— Ты совсем не похож на нормального папу, — заявила однажды Люси, когда они возвращались из школы домой.
— Что ты имеешь в виду, солнышко?
— Ну, ты не работаешь, не носишь костюмы с галстуками, не водишь никакой шикарной машины.
— Нет, не работаю, не ношу и не вожу. — Он посмотрел ей прямо в лицо: — А тебя это так беспокоит?
— Нет, — улыбнулась Люси. — Ты мне нравишься таким, какой ты есть.
Тед тоже улыбнулся ей и пожал ее ручку:
— И ты мне нравишься, Люси, именно такой, какая ты есть.

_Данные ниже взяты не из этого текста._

Lemma chebyshev_sum j :
  \sum_(a | P a) \sum_(b | P b) (x a - x b) * (x a ^+ j - x b ^+ j)
  = 2%:R * (M * S j.+1 - S 1 * S j).
Proof.
have termE a b : (x a - x b) * (x a ^+ j - x b ^+ j) =
    (x a ^+ j.+1 + x b ^+ j.+1) - (x a * x b ^+ j + x b * x a ^+ j).
  by rewrite !exprS; ring.
have sum_const c : \sum_(i | P i) c = M * c by rewrite sumr_const mulr_natl.
have crossE : \sum_(a | P a) \sum_(b | P b) (x a * x b ^+ j + x b * x a ^+ j)
    = 2%:R * (S 1 * S j).
  under eq_bigr do rewrite big_split /= -mulr_sumr -mulr_suml.
  rewrite big_split /= -mulr_suml -mulr_sumr.
  under [\sum_(i | P i) x i ^+ 1]eq_bigr do rewrite expr1.
  ring.
under eq_bigr do under eq_bigr do rewrite termE.
under eq_bigr do rewrite sumrB big_split /= sum_const.
by rewrite sumrB big_split /= -mulr_sumr sum_const crossE; ring.
Qed.

Lemma chebyshev_ge0 j : S 1 * S j <= M * S j.+1.
Proof.
rewrite -subr_ge0 -(pmulr_rge0 _ (ltr0n _ 2)) -chebyshev_sum.
apply: sumr_ge0 => a Pa; apply: sumr_ge0 => b Pb.
exact: mulr_subr_subrX_ge0 (x_ge0 Pa) (x_ge0 Pb).
Qed.

Let gap k := M ^+ k * S k.+1 - S 1 ^+ k.+1.

Lemma gapS k : gap k.+1 = M ^+ k * (M * S k.+2 - S 1 * S k.+1) + S 1 * gap k.
Proof. by rewrite /gap !exprS; ring. Qed.

Lemma gap_ge0 k : 0 <= gap k.
Proof.
elim: k => [|k IHk]; first by rewrite /gap expr0 mul1r expr1 subrr.
by rewrite gapS addr_ge0 ?mulr_ge0 ?IHk ?exprn_ge0 ?ler0n ?subr_ge0 ?chebyshev_ge0 ?power_sum_ge0.
Qed.

Let S1E : S 1 = \sum_(i | P i) x i.
Proof. by under eq_bigr do rewrite expr1. Qed.

Lemma power_mean_le k : (\sum_(i | P i) x i) ^+ k.+1 <= M ^+ k * S k.+1.
Proof. by rewrite -S1E -subr_ge0 gap_ge0. Qed.

(* Vanishing of the gap forces the Chebyshev sum, a sum of nonnegative terms, to vanish. *)
Lemma power_mean_eq k :
  (\sum_(i | P i) x i) ^+ k.+2 = M ^+ k.+1 * S k.+2 -> {in P &, forall a b, x a = x b}.
Proof.
rewrite -S1E => /esym/eqP; rewrite -subr_eq0 -/(gap k.+1) gapS => gap0 a b Pa Pb.
have M0 : M != 0 by rewrite pnatr_eq0 -lt0n; apply/card_gt0P; exists a.
move: gap0; rewrite paddr_eq0; last 2 first.
- by rewrite mulr_ge0 ?exprn_ge0 ?ler0n ?subr_ge0 ?chebyshev_ge0.
- by rewrite mulr_ge0 ?power_sum_ge0 ?gap_ge0.
case/andP; rewrite mulf_eq0 expf_eq0 (negbTE M0) andbF /= => /eqP cheb0 _.
have term_ge0 c d : P c -> P d -> 0 <= (x c - x d) * (x c ^+ k.+1 - x d ^+ k.+1).
  by move=> Pc Pd; apply: mulr_subr_subrX_ge0; apply: x_ge0.
have := chebyshev_sum k.+1; rewrite cheb0 mulr0 => sum0.
have /psumr_eq0P row0 := psumr_eq0P (fun c Pc => sumr_ge0 _ (term_ge0 c ^~ Pc)) sum0 Pa.
have := row0 (term_ge0 a ^~ Pa) _ Pb.
by apply: mulr_subr_subrX_eq0; rewrite ?x_ge0.
Qed.

Lemma power_mean_const c k :
  {in P, forall i, x i = c} -> (\sum_(i | P i) x i) ^+ k.+1 = M ^+ k * S k.+1.
Proof.
rewrite -S1E => xc; have SE j : S j = M * c ^+ j.
  by rewrite mulr_natl -sumr_const; apply: eq_bigr => i Pi; rewrite xc.
by rewrite !SE expr1 exprMn (exprSr M) mulrA.
Qed.

End PowerMean.

Lemma mulr_divrX (F : fieldType) (c x : F) m : c * (x / c) ^+ m.+2 = x ^+ m.+2 / c ^+ m.+1.
Proof.
have [-> | c0] := eqVneq c 0; first by rewrite mul0r expr0n invr0 mulr0.
by rewrite expr_div_n (exprS c m.+1); field; rewrite expf_neq0.
Qed.

Definition frame_potential_bound {C : numFieldType} (N r k : nat) : C :=
  let d := r%:R in
  `|d - d ^+ 2 / N%:R| ^+ k / (N%:R ^+ k.-1 * (N%:R - 1) ^+ k.-1)
  + d ^+ (2 * k) / N%:R ^+ (2 * k).-1.

Section IdempotentBound.
Variables (C : numClosedFieldType) (N r : nat) (G : 'M[C]_N).
Hypotheses (G_idem : G *m G = G) (trG : \tr G = r%:R) (G_diag : forall i j, G i i = G j j).

Local Notation d := (r%:R : C).
Local Notation offdiag := [pred ij : 'I_N * 'I_N | ij.1 != ij.2].
Local Notation M := (#|offdiag|%:R : C).
Local Notation sq ij := (`|G ij.1 ij.2| ^+ 2).
Local Notation s := (\sum_(ij | offdiag ij) sq ij).
Local Notation a := (d - d ^+ 2 / N%:R).

Lemma idem_trace_le : (r <= N)%N.
Proof.
have : (r%:R : C) = (\rank G)%:R by rewrite -trG mxtrace_idem.
by move/eqP; rewrite eqr_nat => /eqP ->; apply: rank_leq_row.
Qed.

Lemma idem_diag i : G i i = d / N%:R.
Proof.
have N0 : (N%:R : C) != 0 by rewrite pnatr_eq0 -lt0n (leq_ltn_trans _ (ltn_ord i)).
have : \tr G = N%:R * G i i.
  rewrite /mxtrace (eq_bigr (fun=> G i i)) => [|j _]; last exact: G_diag.
  by rewrite sumr_const card_ord mulr_natl.
by rewrite trG => ->; rewrite [_%:R * _]mulrC mulfK.
Qed.

Lemma diag_power_sum j : \sum_i `|G i i| ^+ j.+2 = d ^+ j.+2 / N%:R ^+ j.+1.
Proof.
under eq_bigr do rewrite idem_diag ger0_norm ?divr_ge0 ?ler0n //.
by rewrite sumr_const card_ord -[_ *+ N]mulr_natl mulr_divrX.
Qed.

Lemma offdiag_sqr_sub : s - a = \tr ((G - adjmx G) *m adjmx (G - adjmx G)) / 2%:R.
Proof.
rewrite mxtrace_idem_sub_adj // trG conjC_nat mxtrace_mul_adj sum_diag_offdiag.
rewrite diag_power_sum expr1.
by move: (d ^+ 2 / N%:R) => t; field.
Qed.

Lemma offdiag_sqr_ge : a <= s.
Proof.
rewrite -subr_ge0 offdiag_sqr_sub divr_ge0 ?ler0n // mxtrace_mul_adj.
by apply: sumr_ge0 => i _; apply: sumr_ge0 => j _; apply: exprn_ge0.
Qed.

Lemma offdiag_sqr_eq : s = a <-> adjmx G = G.
Proof.
split=> [/eqP | adjG]; last first.
  by apply/eqP; rewrite -subr_eq0 offdiag_sqr_sub adjG subrr adjmx0 mulmx0 mxtrace0 mul0r.
rewrite -subr_eq0 offdiag_sqr_sub mulf_eq0 invr_eq0 pnatr_eq0 orbF.
by move=> /eqP/mxtrace_mul_adj_eq0/eqP; rewrite subr_eq0 => /eqP <-.
Qed.

Lemma offdiag_sqr_bound_ge0 : 0 <= a.
Proof.
have [N0 | N_gt0] := posnP N.
  by have := idem_trace_le; rewrite N0 leqn0 => /eqP ->; rewrite expr0n mul0r subr0.
have -> : a = d * (N%:R - d) / N%:R by field; rewrite pnatr_eq0 -lt0n.
by rewrite divr_ge0 ?mulr_ge0 ?ler0n // subr_ge0 ler_nat idem_trace_le.
Qed.

Lemma frame_potential_boundE k :
  frame_potential_bound N r k.+1 = a ^+ k.+1 / M ^+ k + d ^+ (2 * k.+1) / N%:R ^+ (2 * k.+1).-1.
Proof.
by rewrite /frame_potential_bound ger0_norm ?offdiag_sqr_bound_ge0 // -exprMn card_offdiag.
Qed.

Lemma power_sum_diag_offdiag k : \sum_i \sum_j `|G i j| ^+ (2 * k.+1) =
  d ^+ (2 * k.+1) / N%:R ^+ (2 * k.+1).-1 + \sum_(ij | offdiag ij) sq ij ^+ k.+1.
Proof.
rewrite sum_diag_offdiag; congr (_ + _); last by apply: eq_bigr => ij _; rewrite exprM.
by rewrite mulnS add2n diag_power_sum.
Qed.

Lemma offdiag_power_sum_ge k : a ^+ k.+1 / M ^+ k <= \sum_(ij | offdiag ij) sq ij ^+ k.+1.
Proof.
have sum_ge0 : 0 <= \sum_(ij | offdiag ij) sq ij ^+ k.+1.
  by apply: sumr_ge0 => ij _; rewrite !exprn_ge0.
have [-> | Mk0] := eqVneq (M ^+ k) 0; first by rewrite invr0 mulr0.
rewrite ler_pdivrMr ?lt_def ?Mk0 ?exprn_ge0 ?ler0n // [_ * _ ^+ k]mulrC.
apply: le_trans (power_mean_le (fun ij _ => exprn_ge0 2 (normr_ge0 (G ij.1 ij.2))) k).
have a_ge0 := offdiag_sqr_bound_ge0.
by rewrite lerXn2r ?nnegrE ?offdiag_sqr_ge ?(le_trans a_ge0 offdiag_sqr_ge).
Qed.

Lemma offdiag_power_sum_eq k :
  \sum_(ij | offdiag ij) sq ij ^+ k.+2 = a ^+ k.+2 / M ^+ k.+1 <->
  (exists c, forall i j, i != j -> `|G i j| = c) /\ adjmx G = G.
Proof.
have sq_ge0 ij : offdiag ij -> 0 <= sq ij by move=> _; apply: exprn_ge0.
have a_ge0 := offdiag_sqr_bound_ge0; have a_le_s := offdiag_sqr_ge.
have [M0 | M0] := eqVneq M 0.
  have no_offdiag : offdiag =1 xpred0.
    by move/eqP: M0; rewrite pnatr_eq0 => /eqP/card0_eq off0 ij; have := off0 ij; rewrite !inE.
  have s0 F : \sum_(ij | offdiag ij) F ij = 0 :> C by rewrite big_pred0.
  rewrite s0 M0 expr0n invr0 mulr0; split=> // _; split.
    by exists 0 => i j ij; have := no_offdiag (i, j); rewrite /= ij.
  by apply/offdiag_sqr_eq/le_anti; rewrite a_le_s s0 a_ge0.
have Mk0 : M ^+ k.+1 != 0 by rewrite expf_neq0.
split=> [sumE | [[c Gc] adjG]].
  have sumE' : M ^+ k.+1 * \sum_(ij | offdiag ij) sq ij ^+ k.+2 = a ^+ k.+2.
    by rewrite sumE mulrC divfK.
  have s_pow : s ^+ k.+2 = a ^+ k.+2.
    apply/le_anti; rewrite -{1}sumE' power_mean_le //.
    by rewrite lerXn2r ?nnegrE ?(le_trans a_ge0 a_le_s).
  have s_a : s = a.
    by apply/eqP; rewrite -(eqrXn2 (ltn0Sn k.+1)) ?s_pow ?(le_trans a_ge0 a_le_s).
  split; last exact/offdiag_sqr_eq.
  have /(power_mean_eq sq_ge0) sq_const :
      s ^+ k.+2 = M ^+ k.+1 * \sum_(ij | offdiag ij) sq ij ^+ k.+2.
    by rewrite s_pow sumE'.
  move: M0; rewrite pnatr_eq0 -lt0n => /card_gt0P[ij0 off0].
  exists `|G ij0.1 ij0.2| => i j ij; apply/eqP.
  by rewrite -(eqrXn2 (ltn0Sn 1)) // (sq_const (i, j) ij0).
have s_a : s = a by apply/offdiag_sqr_eq.
have := @power_mean_const _ _ offdiag (fun ij => sq ij) (c ^+ 2) k.+1.
rewrite s_a => -> //; last by move=> [i j] /= ij; rewrite Gc.
by rewrite mulrAC mulfV ?mul1r.
Qed.

Lemma idem_power_sum_ge k : (0 < k)%N ->
  frame_potential_bound N r k <= \sum_i \sum_j `|G i j| ^+ (2 * k).
Proof.
case: k => // k _.
by rewrite frame_potential_boundE power_sum_diag_offdiag addrC lerD2l offdiag_power_sum_ge.
Qed.

Lemma idem_power_sum_eq k : (1 < k)%N ->
  \sum_i \sum_j `|G i j| ^+ (2 * k) = frame_potential_bound N r k <->
  (exists c, forall i j, i != j -> `|G i j| = c) /\ adjmx G = G.
Proof.
case: k => [|[|k]] // _.
apply: iff_trans (offdiag_power_sum_eq k).
rewrite frame_potential_boundE power_sum_diag_offdiag [in X in _ = X]addrC.
by split=> [/addrI | ->].
Qed.

End IdempotentBound.

Unset Implicit Arguments.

Это же так просто — такое безусловное принятие друг друга. Но Тед солгал бы, если б сказал, что внутри себя он не ощущал негодования. Кит так быстро и легко переложила на него все эти обязанности. Когда звонили из школы, чтобы сообщить, что одна из девочек заболела, разумеется, Тед мчался туда, вез дочь домой, укладывал в постель и ухаживал за ней. Именно он планировал девочкам каникулы и следил, чтобы они вовремя шли на занятия и возвращались домой. Все больше и все чаще он оказывался в мире своих дочерей. Он никогда ни на секунду не пожалел о той близости, которая установилась у него с ними, но была и оборотная сторона: казалось, эта близость только увеличивает пропасть, которая разверзалась между ним и Кит. И за это он был обижен на нее. Они не говорили об этом, но роль каждого из них была установлена и определена.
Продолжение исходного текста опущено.